Task item ▸
The task requires restating, word for word, the lines of the entries below from the one containing "destruct_Forall." through the final one, both included.

Saved data entries ▸

○ ○ ○ ○

(* Let $T$ be a triangle which has no right angle and is not of type $(120^\circ,30^\circ,30^\circ)$. Then the 3-graph $K_4^{3-}$ with vertex set $[4]$ and edges $123,124,134$ is forbidden for $T$.
   Context: A 3-graph is a 3-uniform hypergraph; $G$ is $F$-free if it has no (not necessarily induced) subhypergraph isomorphic to $F$. A triangle is of type $(\alpha,\beta,\gamma)$ if $\alpha\ge\beta\ge\gamma$ are its interior angles in degrees. For a triangle $T$ with side lengths $a,b,c$ and $\varepsilon>0$, with $\varepsilon'=\varepsilon\min\{a,b,c\}$, a triangle $A'B'C'$ is $\varepsilon$-congruent to $T$ if there are $A,B,C\in\mathbb{R}^2$ with $ABC$ congruent to $T$ and $A',B',C'$ within distance $\varepsilon'$ of $A,B,C$ respectively. For finite $P\subseteq\mathbb{R}^2$, $\mathcal{H}(T,P,\varepsilon)$ is the 3-graph on $P$ whose edges are triples forming triangles $\varepsilon$-congruent to $T$. A 3-graph $H$ is forbidden for $T$ if there exists $\varepsilon>0$ such that for every $P\subseteq\mathbb{R}^2$ with $|P|=|V(H)|$, $\mathcal{H}(T,P,\varepsilon)$ is $H$-free. *)

From Stdlib Require Import Reals List Permutation.
Open Scope R_scope.

Definition point : Type := (R * R)%type.

Definition dist2 (p q : point) : R :=
  sqrt ((fst p - fst q) ^ 2 + (snd p - snd q) ^ 2).

Record tri3 := Tri { sa : R; sb : R; sc : R }.

Definition is_triangle (T : tri3) : Prop :=
  0 < sa T /\ 0 < sb T /\ 0 < sc T /\
  sa T < sb T + sc T /\ sb T < sa T + sc T /\ sc T < sa T + sb T.

(* interior angles (radians), by the law of cosines: angle opposite a, b, c *)
Definition angA (T : tri3) : R :=
  acos ((sb T ^ 2 + sc T ^ 2 - sa T ^ 2) / (2 * sb T * sc T)).
Definition angB (T : tri3) : R :=
  acos ((sa T ^ 2 + sc T ^ 2 - sb T ^ 2) / (2 * sa T * sc T)).
Definition angC (T : tri3) : R :=
  acos ((sa T ^ 2 + sb T ^ 2 - sc T ^ 2) / (2 * sa T * sb T)).

Definition deg (d : R) : R := d * PI / 180.

Definition has_right_angle (T : tri3) : Prop :=
  angA T = deg 90 \/ angB T = deg 90 \/ angC T = deg 90.

(* T is of type (alpha, beta, gamma): its angles, sorted decreasingly, are
   alpha >= beta >= gamma (given in degrees). *)
Definition of_type (T : tri3) (al be ga : R) : Prop :=
  exists x y z : R,
    Permutation (angA T :: angB T :: angC T :: nil) (x :: y :: z :: nil) /\
    x = deg al /\ y = deg be /\ z = deg ga.

(* ABC is congruent to T: the side lengths of ABC are those of T, up to
   relabelling (SSS). *)
Definition congruent (A B C : point) (T : tri3) : Prop :=
  Permutation (dist2 B C :: dist2 C A :: dist2 A B :: nil)
              (sa T :: sb T :: sc T :: nil).

Definition eps_congruent (T : tri3) (eps : R) (A' B' C' : point) : Prop :=
  let eps' := eps * Rmin (sa T) (Rmin (sb T) (sc T)) in
  exists A B C : point, congruent A B C T /\
    dist2 A A' <= eps' /\ dist2 B B' <= eps' /\ dist2 C C' <= eps'.

(* Edge relation of the 3-graph H(T, P, eps) on the finite point set P
   (given as a duplicate-free list). *)
Definition HT_edge (T : tri3) (P : list point) (eps : R) (x y z : point) : Prop :=
  In x P /\ In y P /\ In z P /\ x <> y /\ y <> z /\ x <> z /\
  eps_congruent T eps x y z.

Definition K4minus_free (P : list point) (E : point -> point -> point -> Prop) : Prop :=
  ~ exists f : nat -> point,
      (forall i, (1 <= i <= 4)%nat -> In (f i) P) /\
      (forall i j, (1 <= i <= 4)%nat -> (1 <= j <= 4)%nat -> f i = f j -> i = j) /\
      E (f 1%nat) (f 2%nat) (f 3%nat) /\
      E (f 1%nat) (f 2%nat) (f 4%nat) /\
      E (f 1%nat) (f 3%nat) (f 4%nat).

Definition K4minus_forbidden (T : tri3) : Prop :=
  exists eps : R, 0 < eps /\
    forall P : list point, NoDup P -> length P = 4%nat ->
      K4minus_free P (HT_edge T P eps).

(* If the triangles p1p2p3, p1p2p4 and p1p3p4 are all nearly congruent to T,
   then, once epsilon is small compared with the gaps between distinct side
   lengths of T, each shared edge p1p2, p1p3, p1p4 is matched with the same side
   of T in both triangles containing it.  Counting labels leaves two patterns
   for the six distances: opposite edges of equal lengths a, b, c, or x, x, x at
   p1 and u, u, u among p2, p3, p4, where (x, x, u) are the sides of T.
   Four points of the plane have vanishing Cayley-Menger determinant, which is
   a polynomial in the squared distances and hence Lipschitz on bounded sets.
   At the exact lengths of the first pattern it equals
   (a^2+b^2-c^2)(a^2-b^2+c^2)(-a^2+b^2+c^2)/2, nonzero as T has no right angle;
   for the second it equals (u^2/2)^2 (3x^2-u^2), nonzero as T is not of type
   (120,30,30).  So for small epsilon neither pattern can occur. *)

From Stdlib Require Import Reals List Permutation Lra Psatz Rgeom.
From Coquelicot Require Import Rcomplements.
Open Scope R_scope.
Import ListNotations.

Lemma Permutation_cons_cancel {A} (a : A) (l1 l2 l : list A) :
  Permutation (a :: l1) l -> Permutation (a :: l2) l -> Permutation l1 l2.
Proof.
  intros H1 H2. apply Permutation_cons_inv with a.
  exact (Permutation_trans H1 (Permutation_sym H2)).
Qed.

Lemma Permutation3_cases {A} (x y z a b c : A) : Permutation [x; y; z] [a; b; c] ->
  (x = a /\ y = b /\ z = c) \/ (x = a /\ y = c /\ z = b) \/ (x = b /\ y = a /\ z = c) \/
  (x = b /\ y = c /\ z = a) \/ (x = c /\ y = a /\ z = b) \/ (x = c /\ y = b /\ z = a).
Proof.
  intros H.
  assert (Hx : In x [a; b; c]) by (apply (Permutation_in _ H); left; reflexivity).
  destruct Hx as [<- | [<- | [<- | []]]].
  - apply (Permutation_cons_app_inv [] [b; c]) in H.
    apply Permutation_length_2 in H; tauto.
  - apply (Permutation_cons_app_inv [a] [c]) in H.
    apply Permutation_length_2 in H; tauto.
  - apply (Permutation_cons_app_inv [a; b] []) in H.
    apply Permutation_length_2 in H; tauto.
Qed.

(* Labels of the three triangles p1p2p3, p1p2p4, p1p3p4 listed as
   (12, 13, 23), (12, 14, 24), (13, 14, 34): opposite edges get equal labels,
   or the edges at p1 share one label and the others another. *)
Lemma K4minus_labels {A} (p q r s t u : A) (l : list A) :
  Permutation [p; q; r] l -> Permutation [p; s; t] l -> Permutation [q; s; u] l ->
  (r = s /\ t = q /\ u = p) \/ (q = p /\ s = p /\ t = r /\ u = r).
Proof.
  intros H1 H2 H3.
  assert (E1 := Permutation_length_2 (Permutation_cons_cancel _ _ _ _ H1 H2)).
  assert (H1' : Permutation [q; p; r] l) by (eapply Permutation_trans; [apply perm_swap | exact H1]).
  assert (E2 := Permutation_length_2 (Permutation_cons_cancel _ _ _ _ H1' H3)).
  assert (H2' : Permutation [s; p; t] l) by (eapply Permutation_trans; [apply perm_swap | exact H2]).
  assert (H3' : Permutation [s; q; u] l) by (eapply Permutation_trans; [apply perm_swap | exact H3]).
  assert (E3 := Permutation_length_2 (Permutation_cons_cancel _ _ _ _ H2' H3')).
  destruct E1 as [[] | []], E2 as [[] | []], E3 as [[] | []]; subst; tauto.
Qed.

Lemma exists_pos_below_nonzero (B : R) (l : list R) : 0 < B ->
  exists d, 0 < d <= B /\ forall v, In v l -> v <> 0 -> d < Rabs v.
Proof.
  intros HB. induction l as [| v l [d [Hd Hl]]].
  - exists B. split; [lra | intros v []].
  - destruct (Req_dec v 0) as [Hv | Hv].
    + exists d. split; [exact Hd |]. intros w [<- | Hw] Hw0; [contradiction | auto].
    + pose proof (Rabs_pos_lt v Hv).
      exists (Rmin d (Rabs v / 2)). split.
      * split; [apply Rmin_pos; lra | pose proof (Rmin_l d (Rabs v / 2)); lra].
      * intros w [<- | Hw] Hw0.
        -- pose proof (Rmin_r d (Rabs v / 2)); lra.
        -- pose proof (Rmin_l d (Rabs v / 2)); specialize (Hl w Hw Hw0); lra.
Qed.

Lemma dist2_euc (p q : point) : dist2 p q = dist_euc (fst p) (snd p) (fst q) (snd q).
Proof. unfold dist2, dist_euc. rewrite !Rsqr_pow2. reflexivity. Qed.

Lemma dist2_sym (p q : point) : dist2 p q = dist2 q p.
Proof. rewrite !dist2_euc. apply distance_symm. Qed.

Lemma dist2_triangle (p q r : point) : dist2 p r <= dist2 p q + dist2 q r.
Proof. rewrite !dist2_euc. apply triangle. Qed.

Lemma dist2_sqr (p q : point) : dist2 p q ^ 2 = (fst p - fst q) ^ 2 + (snd p - snd q) ^ 2.
Proof.
  unfold dist2. apply pow2_sqrt.
  pose proof (pow2_ge_0 (fst p - fst q)); pose proof (pow2_ge_0 (snd p - snd q)); lra.
Qed.

Lemma Rabs_dist2_sub (p q p' q' : point) :
  Rabs (dist2 p q - dist2 p' q') <= dist2 p' p + dist2 q' q.
Proof.
  apply Rabs_le_between'.
  pose proof (dist2_triangle p' p q); pose proof (dist2_triangle p' q q');
  pose proof (dist2_triangle p p' q'); pose proof (dist2_triangle p q' q).
  rewrite (dist2_sym p p'), (dist2_sym q q') in *. lra.
Qed.

Definition sym_det3 (p q r x y z : R) : R :=
  p * q * r + 2 * x * y * z - p * z * z - q * y * y - r * x * x.

(* The Gram determinant of p2 - p1, p3 - p1, p4 - p1 written in terms of the
   squared distances Dij (a multiple of the Cayley-Menger determinant). *)
Definition cayley_menger (D12 D13 D14 D23 D24 D34 : R) : R :=
  sym_det3 D12 D13 D14
    ((D12 + D13 - D23) / 2) ((D12 + D14 - D24) / 2) ((D13 + D14 - D34) / 2).

Lemma cayley_menger_planar (p1 p2 p3 p4 : point) :
  cayley_menger (dist2 p1 p2 ^ 2) (dist2 p1 p3 ^ 2) (dist2 p1 p4 ^ 2)
    (dist2 p2 p3 ^ 2) (dist2 p2 p4 ^ 2) (dist2 p3 p4 ^ 2) = 0.
Proof. rewrite !dist2_sqr. unfold cayley_menger, sym_det3. field. Qed.

Definition pythag_product (a b c : R) : R :=
  (a ^ 2 + b ^ 2 - c ^ 2) * (a ^ 2 - b ^ 2 + c ^ 2) * (- a ^ 2 + b ^ 2 + c ^ 2).

Lemma cayley_menger_isosceles (a b c : R) :
  cayley_menger (a ^ 2) (b ^ 2) (c ^ 2) (c ^ 2) (b ^ 2) (a ^ 2) = pythag_product a b c / 2.
Proof. unfold cayley_menger, sym_det3, pythag_product. field. Qed.

Definition star_poly (x u : R) : R := (u ^ 2 / 2) ^ 2 * (3 * x ^ 2 - u ^ 2).

Lemma cayley_menger_star (x u : R) :
  cayley_menger (x ^ 2) (x ^ 2) (x ^ 2) (u ^ 2) (u ^ 2) (u ^ 2) = star_poly x u.
Proof. unfold cayley_menger, sym_det3, star_poly. field. Qed.

Ltac destruct_Forall :=
  repeat match goal with H : Forall _ (_ :: _) |- _ => inversion_clear H end.

Ltac split_Forall := repeat apply Forall_cons; try apply Forall_nil.

Lemma Rabs_mult3_le (a b c A B C : R) :
  Rabs a <= A -> Rabs b <= B -> Rabs c <= C -> Rabs (a * b * c) <= A * B * C.
Proof.
  intros Ha Hb Hc. rewrite !Rabs_mult.
  pose proof (Rabs_pos a); pose proof (Rabs_pos b); pose proof (Rabs_pos c).
  apply Rmult_le_compat; [nra | lra | apply Rmult_le_compat | ]; lra.
Qed.

Lemma Rabs_mult3_sub_le (L h x1 x2 x3 y1 y2 y3 : R) :
  Rabs x2 <= L -> Rabs x3 <= L -> Rabs y1 <= L -> Rabs y2 <= L ->
  Rabs (x1 - y1) <= h -> Rabs (x2 - y2) <= h -> Rabs (x3 - y3) <= h ->
  Rabs (x1 * x2 * x3 - y1 * y2 * y3) <= 3 * (L * L * h).
Proof.
  intros Hx2 Hx3 Hy1 Hy2 H1 H2 H3.
  replace (x1 * x2 * x3 - y1 * y2 * y3)
    with ((x1 - y1) * x2 * x3 + (y1 * (x2 - y2) * x3 + y1 * y2 * (x3 - y3))) by ring.
  eapply Rle_trans; [apply Rabs_triang |].
  eapply Rle_trans; [apply Rplus_le_compat_l, Rabs_triang |].
  assert (Rabs ((x1 - y1) * x2 * x3) <= h * L * L) by (apply Rabs_mult3_le; auto).
  assert (Rabs (y1 * (x2 - y2) * x3) <= L * h * L) by (apply Rabs_mult3_le; auto).
  assert (Rabs (y1 * y2 * (x3 - y3)) <= L * L * h) by (apply Rabs_mult3_le; auto).
  lra.
Qed.

Lemma sym_det3_lipschitz (L h p q r x y z p' q' r' x' y' z' : R) :
  Forall (fun v => Rabs v <= L) [p; q; r; x; y; z; p'; q'; r'; x'; y'; z'] ->
  Forall (fun v => Rabs v <= h) [p - p'; q - q'; r - r'; x - x'; y - y'; z - z'] ->
  Rabs (sym_det3 p q r x y z - sym_det3 p' q' r' x' y' z') <= 18 * (L * L * h).
Proof.
  intros HL Hh.
  destruct_Forall.
  assert (Hpqr : Rabs (p * q * r - p' * q' * r') <= 3 * (L * L * h))
    by (apply Rabs_mult3_sub_le; assumption).
  assert (Hxyz : Rabs (x * y * z - x' * y' * z') <= 3 * (L * L * h))
    by (apply Rabs_mult3_sub_le; assumption).
  assert (Hpzz : Rabs (p * z * z - p' * z' * z') <= 3 * (L * L * h))
    by (apply Rabs_mult3_sub_le; assumption).
  assert (Hqyy : Rabs (q * y * y - q' * y' * y') <= 3 * (L * L * h))
    by (apply Rabs_mult3_sub_le; assumption).
  assert (Hrxx : Rabs (r * x * x - r' * x' * x') <= 3 * (L * L * h))
    by (apply Rabs_mult3_sub_le; assumption).
  apply Rabs_le_between in Hpqr, Hxyz, Hpzz, Hqyy, Hrxx.
  apply Rabs_le_between.
  unfold sym_det3. lra.
Qed.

○ ○ ○ ○

Solved exercise ▸
  destruct_Forall.
  assert (Hpqr : Rabs (p * q * r - p' * q' * r') <= 3 * (L * L * h))
    by (apply Rabs_mult3_sub_le; assumption).
  assert (Hxyz : Rabs (x * y * z - x' * y' * z') <= 3 * (L * L * h))
    by (apply Rabs_mult3_sub_le; assumption).
  assert (Hpzz : Rabs (p * z * z - p' * z' * z') <= 3 * (L * L * h))
    by (apply Rabs_mult3_sub_le; assumption).
  assert (Hqyy : Rabs (q * y * y - q' * y' * y') <= 3 * (L * L * h))
    by (apply Rabs_mult3_sub_le; assumption).
  assert (Hrxx : Rabs (r * x * x - r' * x' * x') <= 3 * (L * L * h))
    by (apply Rabs_mult3_sub_le; assumption).
  apply Rabs_le_between in Hpqr, Hxyz, Hpzz, Hqyy, Hrxx.
  apply Rabs_le_between.
  unfold sym_det3. lra.
Qed.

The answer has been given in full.